Billy Lo

Feb 26, 2021

3 min read

Ep. 27 — How to bring the web to our elders?

Photo by Ono Kosuki from Pexels

For seniors, smartphones can be a source of headaches. The text are tiny (even on large screen models), its touch interface requires a lot of dexterity and typing on the soft keyboard can be difficult.

It gets harder if your first language is not English.

As a result, paying bills online or looking up the opening hours of a nearby restaurant, is not as easy as it is for our elders.

Thankfully, this can be improved if we acknowledge their needs. Our population is growing older quickly. By 2030, seniors will make up 23% of the Canadian population.

Source: Statistics Canada (1971–2010) and Office of the Superintendent of Financial Institutions (2020–2080)

How can we help? Here is an example I made using text-to-speech / voice bot technologies to make common things offered on the web more accessible.

Food Buddy” enables the use of Google Maps — Search for Restaurant Details feature without a smartphone or computer. A natural language interface on a phone line replaces Google’s search box.

With the help of friends who speak Mandarin and Hindi, and my better half, Food Buddy can be used in 5 languages. (if you are interested to help out for other language, just comment below. :-))

  • Chinese — Mandarin 普通话 (647–243–7428)
  • Chinese — Cantonese 廣東話 (647–243–7431)
  • Hindi हिन्दी (647–243–6718)
  • Japanese 日本語 (647–243–6720)
  • English (647–243–7430)

The English interface works like this:

Food Buddy: Which restaurant would you like to check out?

Joe: The Pickle Barrel

Food Buddy: The Pickle Barrel, 3.8 stars ⭐, opens at 9, closes at 8 today. Located at 6508 Yonge St, Toronto. <pause> Would you like to be connected to them now?

Joe: Yes.

Food Buddy: <connects Joe to Pickle Barrel for direct conversations>

Everything is done through native language over voice.

The architecture is fairly simple if you want to replicate this pattern for the communities you care about.

  1. VoxImplant accepts call and relay audio to users.
  2. Dialogflow ES handles speech-to-text, intent detection and voice response creation.
  3. A simple webhook (running in Firebase Cloud Function) looks up city level location using the caller id and finds the desired restaurant using Google Places API.
  4. If user would like to be connected immediately, the same webhook would supply the intent and phone number back to VoxImplant to connect the two parties.

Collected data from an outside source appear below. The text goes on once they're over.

Theorem theorem6 (F : fieldType) (hF : [pchar F] =i pred0) (k : nat) (hk : (3 < k)%N) :
  (forall d : nat, (0 < d)%N ->
     forall E : seq (nkB k) -> nkB k -> F,
       tanaka_comp (@nk_cst F k) (@nk_dep k) d E ->
       forall s e, E s e = 0)
  /\
  (forall phi : nkB k -> nkB k -> F,
     (forall b, nk_dep b = 1%N -> homog (@nk_dep k) 1 (phi b)) ->
     exists E : seq (nkB k) -> nkB k -> F,
       tanaka_comp (@nk_cst F k) (@nk_dep k) 0 E /\
       forall b, nk_dep b = 1%N -> forall e, E [:: b] e = phi b e)
  /\
  (forall E1 E2 : seq (nkB k) -> nkB k -> F,
     tanaka_comp (@nk_cst F k) (@nk_dep k) 0 E1 ->
     tanaka_comp (@nk_cst F k) (@nk_dep k) 0 E2 ->
     (forall b, nk_dep b = 1%N -> forall e, E1 [:: b] e = E2 [:: b] e) ->
     forall s e, E1 s e = E2 s e).
Proof.
have k_gt0 : (0 < k)%N by lia.
have [x [xi xj]] := nk_index_basis (nk_index_deg1 (I:=1) (J:=0) erefl k_gt0).
have [y [yi yj]] := nk_index_basis (nk_index_deg1 (I:=0) (J:=1) erefl k_gt0).
have generated := @nk_generated F k.
split; [|split].
- move=> d d_gt0 E hE; apply: (tanaka_pos_eq0 (@nk_dep_gt0 k) generated _ d_gt0 hE) => n E' hE'.
  exact: (deg1_eq0 xi xj yi yj hF hk hE').
- move=> phi phi_homog; exists (tanaka_of_der (@nk_cst F k) (der_ext x y phi)); split.
    by apply: tanaka_der_ext => //; lia.
  by move=> b b1 e; rewrite /= der_ext1.
- by move=> E1 E2 h1 h2; apply: (tanaka0_unique (@nk_dep_gt0 k) generated h1 h2).
Qed.
(* Let $(M,\cdot,1)$ be a monoid without a zero element, $\Sigma$ a finite alphabet, and $(g_h,h)$ a maximal factorization on $L$. Then $\mathcal{R}_L=\mathrm{RcgCap}^{(g_h,h)}_L$.
   Context: $L$ is the set of all functions $\Sigma^*\to M$; $\varepsilon$ the empty word; $(m\cdot\ell)(\gamma)=m\cdot\ell(\gamma)$; $\Delta_\alpha(\ell)(\gamma)=\ell(\alpha\gamma)$. A factorization on $L$ is a pair $g:L\to M$, $f:L\to L$ with $g(\ell)\cdot f(\ell)=\ell$ for all $\ell$; it is maximal if moreover $f(m\cdot\ell)=f(\ell)$ for all $\ell\in L$, $m\in M$. Define $S^{(g,f)}_\varepsilon=\mathrm{id}_L$, $S^{(g,f)}_{\alpha\sigma}=f\circ\Delta_\sigma\circ S^{(g,f)}_\alpha$. An $M$-DFA is $(Q,\Sigma,u,i_u,\delta,w,\rho)$ with $Q$ finite nonempty, initial state $u$, initial value $i_u\in M$, $\delta:Q\times\Sigma\to Q$, $w:Q\times\Sigma\to M$, $\rho:Q\to M$; with $q\alpha$ the extended transition and $w^*(q,\varepsilon)=1$, $w^*(q,\alpha\sigma)=w^*(q,\alpha)\cdot w(q\alpha,\sigma)$, it recognizes $\alpha\mapsto i_u\cdot w^*(u,\alpha)\cdot\rho(u\alpha)$. $\mathcal{R}_L$ is the set of $M$-languages recognized by some $M$-DFA. For a factorization $(g,f)$, $\mathrm{RcgCap}^{(g,f)}_L$ is the set of $\ell\in L$ such that the automaton $N^{(g,f)}(f(\ell),1)$ is an $M$-DFA, i.e. such that $\{S^{(g,f)}_\alpha(f(\ell))\mid\alpha\in\Sigma^*\}$ is finite; here $N^{(g,f)}(\ell',m)$ has states $S^{(g,f)}_\alpha(\ell')$, initial state $\ell'$, initial value $m$, $\delta(S^{(g,f)}_\alpha(\ell'),\sigma)=S^{(g,f)}_{\alpha\sigma}(\ell')$, $w(S^{(g,f)}_\alpha(\ell'),\sigma)=g(\Delta_\sigma(S^{(g,f)}_\alpha(\ell')))$, $\rho(S^{(g,f)}_\alpha(\ell'))=(S^{(g,f)}_\alpha(\ell'))(\varepsilon)$. *)

From mathcomp Require Import all_boot.
Set Implicit Arguments. Unset Strict Implicit. Unset Printing Implicit Defensive.

Record is_monoid (M : Type) (mul : M -> M -> M) (one : M) : Prop := {
  monoid_mulA : forall a b c, mul a (mul b c) = mul (mul a b) c;
  monoid_mul1m : forall a, mul one a = a;
  monoid_mulm1 : forall a, mul a one = a }.

Definition is_zero_elt (M : Type) (mul : M -> M -> M) (z : M) : Prop :=
  forall m, mul z m = z /\ mul m z = z.

Definition lang (Sigma : Type) (M : Type) := seq Sigma -> M.

Definition lscale (Sigma M : Type) (mul : M -> M -> M) (m : M) (l : lang Sigma M)
  : lang Sigma M := fun gamma => mul m (l gamma).

Definition Delta (Sigma M : Type) (a : Sigma) (l : lang Sigma M) : lang Sigma M :=
  fun gamma => l (a :: gamma).

Definition factorization (Sigma M : Type) (mul : M -> M -> M)
  (g : lang Sigma M -> M) (f : lang Sigma M -> lang Sigma M) : Prop :=
  forall l, lscale mul (g l) (f l) = l.

Definition maximal_factorization (Sigma M : Type) (mul : M -> M -> M)
  (g : lang Sigma M -> M) (f : lang Sigma M -> lang Sigma M) : Prop :=
  factorization mul g f /\ forall l m, f (lscale mul m l) = f l.

(* S_eps = id, S_{alpha sigma} = f o Delta_sigma o S_alpha
   (left fold over the word: the last letter is applied last). *)
Definition Sfg (Sigma M : Type) (f : lang Sigma M -> lang Sigma M)
  (alpha : seq Sigma) (l : lang Sigma M) : lang Sigma M :=
  foldl (fun l' s => f (Delta s l')) l alpha.

Definition dstar (Q Sigma : Type) (delta : Q -> Sigma -> Q) (q : Q) (alpha : seq Sigma) : Q :=
  foldl delta q alpha.

(* Extended weight: w*(q,eps) = 1, w*(q, alpha sigma) = w*(q,alpha) * w(q alpha, sigma). *)
Definition wstar (Q Sigma M : Type) (mul : M -> M -> M) (one : M)
  (delta : Q -> Sigma -> Q) (w : Q -> Sigma -> M) (q : Q) (alpha : seq Sigma) : M :=
  (foldl (fun (p : Q * M) s => (delta p.1 s, mul p.2 (w p.1 s))) (q, one) alpha).2.

Definition dfa_lang (Q Sigma M : Type) (mul : M -> M -> M) (one : M)
  (u : Q) (iu : M) (delta : Q -> Sigma -> Q) (w : Q -> Sigma -> M) (rho : Q -> M)
  : lang Sigma M :=
  fun alpha => mul (mul iu (wstar mul one delta w u alpha)) (rho (dstar delta u alpha)).

(* R_L : languages recognized by some M-DFA (finite state set Q, nonempty
   since it contains the initial state u). *)
Definition recognizable (Sigma M : Type) (mul : M -> M -> M) (one : M)
  (l : lang Sigma M) : Prop :=
  exists (Q : finType) (u : Q) (iu : M) (delta : Q -> Sigma -> Q)
         (w : Q -> Sigma -> M) (rho : Q -> M),
    l = dfa_lang mul one u iu delta w rho.

Definition finite_range (A Sigma M : Type) (F : A -> lang Sigma M) : Prop :=
  exists (n : nat) (e : 'I_n -> lang Sigma M), forall a, exists i, F a = e i.

Definition RcgCap (Sigma M : Type) (f : lang Sigma M -> lang Sigma M)
  (l : lang Sigma M) : Prop :=
  finite_range (fun alpha : seq Sigma => Sfg f alpha (f l)).

(* The languages L_q of the states of an M-DFA satisfy L_q(s a) = w(q,s) L_(q s)(a).
   As g h is a factorization, every language X satisfies the same law in the
   automaton N^(g,h) whose states are all languages (transition h(Delta_s X), weight
   g(Delta_s X), output X(eps)).  Its states reachable from h l are the S_alpha(h l);
   if they are finitely many, restricting N^(g,h) to them gives a finite M-DFA for l.
   Conversely, since h ignores scalar factors, S_alpha(h L_u) = h(L_(u alpha)), so
   the S_alpha(h l) range over the finitely many h(L_q). *)

From Stdlib Require Import FunctionalExtensionality IndefiniteDescription ClassicalEpsilon.
From mathcomp Require Import all_boot.

Set Implicit Arguments.
Unset Strict Implicit.
Unset Printing Implicit Defensive.

Section MonoidAutomata.

Variables (M : Type) (mul : M -> M -> M) (one : M).
Hypothesis HM : is_monoid mul one.
Variable Sigma : Type.

Section StateLanguage.

Variables (Q : Type) (delta : Q -> Sigma -> Q) (w : Q -> Sigma -> M) (rho : Q -> M).

Definition state_lang (q : Q) : lang Sigma M :=
  fun a => mul (wstar mul one delta w q a) (rho (dstar delta q a)).

Lemma wstar_cons q s a :
  wstar mul one delta w q (s :: a) = mul (w q s) (wstar mul one delta w (delta q s) a).
Proof.
pose step (p : Q * M) s := (delta p.1 s, mul p.2 (w p.1 s)).
have acc b q' m : (foldl step (q', m) b).2 = mul m (foldl step (q', one) b).2.
  elim: b q' m => [|s' b IHb] q' m /=; first by rewrite (monoid_mulm1 HM).
  by rewrite IHb [in RHS]IHb (monoid_mul1m HM) (monoid_mulA HM).
by rewrite /wstar /= -/step acc (monoid_mul1m HM).
Qed.

Lemma state_lang_cons q s a :
  state_lang q (s :: a) = mul (w q s) (state_lang (delta q s) a).
Proof. by rewrite /state_lang wstar_cons (monoid_mulA HM). Qed.

Lemma Delta_state_lang q s :
  Delta s (state_lang q) = lscale mul (w q s) (state_lang (delta q s)).
Proof. by apply: functional_extensionality => a; apply: state_lang_cons. Qed.

Lemma dfa_langE u iu : dfa_lang mul one u iu delta w rho = lscale mul iu (state_lang u).
Proof.
by apply: functional_extensionality => a; rewrite /dfa_lang /lscale (monoid_mulA HM).
Qed.

End StateLanguage.

Lemma state_lang_simulation (Q Q' : Type) (delta : Q -> Sigma -> Q) (w : Q -> Sigma -> M)
    (rho : Q -> M) (delta' : Q' -> Sigma -> Q') (phi : Q' -> Q) (P : Q' -> Prop) :
    (forall q s, P q -> P (delta' q s) /\ phi (delta' q s) = delta (phi q) s) ->
  forall q, P q ->
    state_lang delta' (fun q s => w (phi q) s) (fun q => rho (phi q)) q
    = state_lang delta w rho (phi q).
Proof.
move=> sim q Pq; apply: functional_extensionality => a.
elim: a q Pq => [//|s a IHa] q Pq.
have [Pq' phi_q'] := sim q s Pq.
by rewrite !state_lang_cons IHa // phi_q'.
Qed.

Lemma finite_reachable_recognizable (Q : Type) (u : Q) (iu : M)
    (delta : Q -> Sigma -> Q) (w : Q -> Sigma -> M) (rho : Q -> M) :
    (exists n (e : 'I_n -> Q), forall a, exists i, dstar delta u a = e i) ->
  recognizable mul one (dfa_lang mul one u iu delta w rho).
Proof.
case=> n [e He]; have [idx idxP] := functional_choice _ He.
pose reachable i := exists b, e i = dstar delta u b.
(* For an unreachable i, rep i is junk; such states are never visited. *)
pose rep i := epsilon (inhabits [::]) (fun b => e i = dstar delta u b).
pose delta' i s := idx (rcons (rep i) s).
have sim i s : reachable i -> reachable (delta' i s) /\ e (delta' i s) = delta (e i) s.
  move=> /(epsilon_spec (inhabits [::])) e_rep.
  have e_delta' : e (delta' i s) = dstar delta u (rcons (rep i) s) by rewrite -idxP.
  split; first by exists (rcons (rep i) s).
  by rewrite e_delta' /dstar foldl_rcons -/(dstar delta u _) -e_rep.
exists ('I_n : finType), (idx [::]), iu, delta', (fun i s => w (e i) s), (fun i => rho (e i)).
rewrite !dfa_langE (state_lang_simulation w rho sim); first by rewrite -idxP.
by exists [::]; rewrite -idxP.
Qed.

Section Factorization.

Variables (g : lang Sigma M -> M) (h : lang Sigma M -> lang Sigma M).

Definition lang_delta (X : lang Sigma M) (s : Sigma) : lang Sigma M := h (Delta s X).
Definition lang_weight (X : lang Sigma M) (s : Sigma) : M := g (Delta s X).
Definition lang_output (X : lang Sigma M) : M := X [::].

Hypothesis Hfact : factorization mul g h.

Lemma state_lang_lang X : state_lang lang_delta lang_weight lang_output X = X.
Proof.
apply: functional_extensionality => a; elim: a X => [|s a IHa] X.
  by rewrite /state_lang /= (monoid_mul1m HM).
rewrite state_lang_cons IHa.
by rewrite -[X (s :: a)]/(Delta s X a) -(Hfact (Delta s X)).
Qed.

Lemma dfa_lang_factorization l :
  dfa_lang mul one (h l) (g l) lang_delta lang_weight lang_output = l.
Proof. by rewrite dfa_langE state_lang_lang Hfact. Qed.

Lemma RcgCap_recognizable l : RcgCap h l -> recognizable mul one l.
Proof.
move=> finS; rewrite -(dfa_lang_factorization l).
exact: finite_reachable_recognizable.
Qed.

Hypothesis h_lscale : forall l m, h (lscale mul m l) = h l.

Lemma h_Delta_h s X : h (Delta s (h X)) = h (Delta s X).
Proof. by rewrite -{2}(Hfact X); exact: (esym (h_lscale _ _)). Qed.

Lemma Sfg_h_state_lang (Q : Type) (delta : Q -> Sigma -> Q) (w : Q -> Sigma -> M)
    (rho : Q -> M) a q :
  Sfg h a (h (state_lang delta w rho q)) = h (state_lang delta w rho (dstar delta q a)).
Proof.
elim: a q => [//|s a IHa] q.
by rewrite [LHS]/= h_Delta_h Delta_state_lang h_lscale IHa.
Qed.

Lemma recognizable_RcgCap l : recognizable mul one l -> RcgCap h l.
Proof.
case=> Q [u [iu [delta [w [rho ->]]]]].
exists #|Q|, (fun i => h (state_lang delta w rho (enum_val i))) => a.
exists (enum_rank (dstar delta u a)).
by rewrite enum_rankK dfa_langE h_lscale Sfg_h_state_lang.
Qed.

End Factorization.

End MonoidAutomata.

Theorem lemma6 (M : Type) (mul : M -> M -> M) (one : M)
  (HM : is_monoid mul one) (Hnozero : ~ exists z : M, is_zero_elt mul z)
  (Sigma : finType)
  (g : lang Sigma M -> M) (h : lang Sigma M -> lang Sigma M)
  (Hmax : maximal_factorization mul g h) :
  forall l : lang Sigma M, recognizable mul one l <-> RcgCap h l.
Proof.
case: Hmax => Hfact h_lscale l; split.
- exact: recognizable_RcgCap.
- exact: RcgCap_recognizable.
Qed.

That’s it. No hardware to acquire, no visits by telco to set up phone lines, no machine learning code to write… just basic integrations using low cost tools available.

Unexpected things & tech lessons I learned in this experiment?

  1. Google’s speech-to-text is really good and fast, even for recognizing words that do not exist in the dictionary. In my use case, most of the audio are just short snippets with little context and yet, Dialogflow’s TTS engine can recognize unusual phrases such as “Happy Grillmore” and “Baguettaboutit” accurately. The technology is fascinating.
  2. This little tool called Ngrok is handy for testing development stage APIs, e.g webhooks that external servers need to invoke. It allows me to validate the architecture quickly without messing with firewall rules. In an enterprise environment, if we are able to provide strong guardrails to use it securely, it can be an useful accelerator. Early integration means fewer surprises.
  3. Accessibility can open up new paths that are not just good for the community, but also big enough to justify investments needed to build them. In this case, 23% of the population is a sizeable market if you can dominate a particular problem space. The bonus, it’s a less crowded with fewer competitors.

I hope this helps…

Happy building…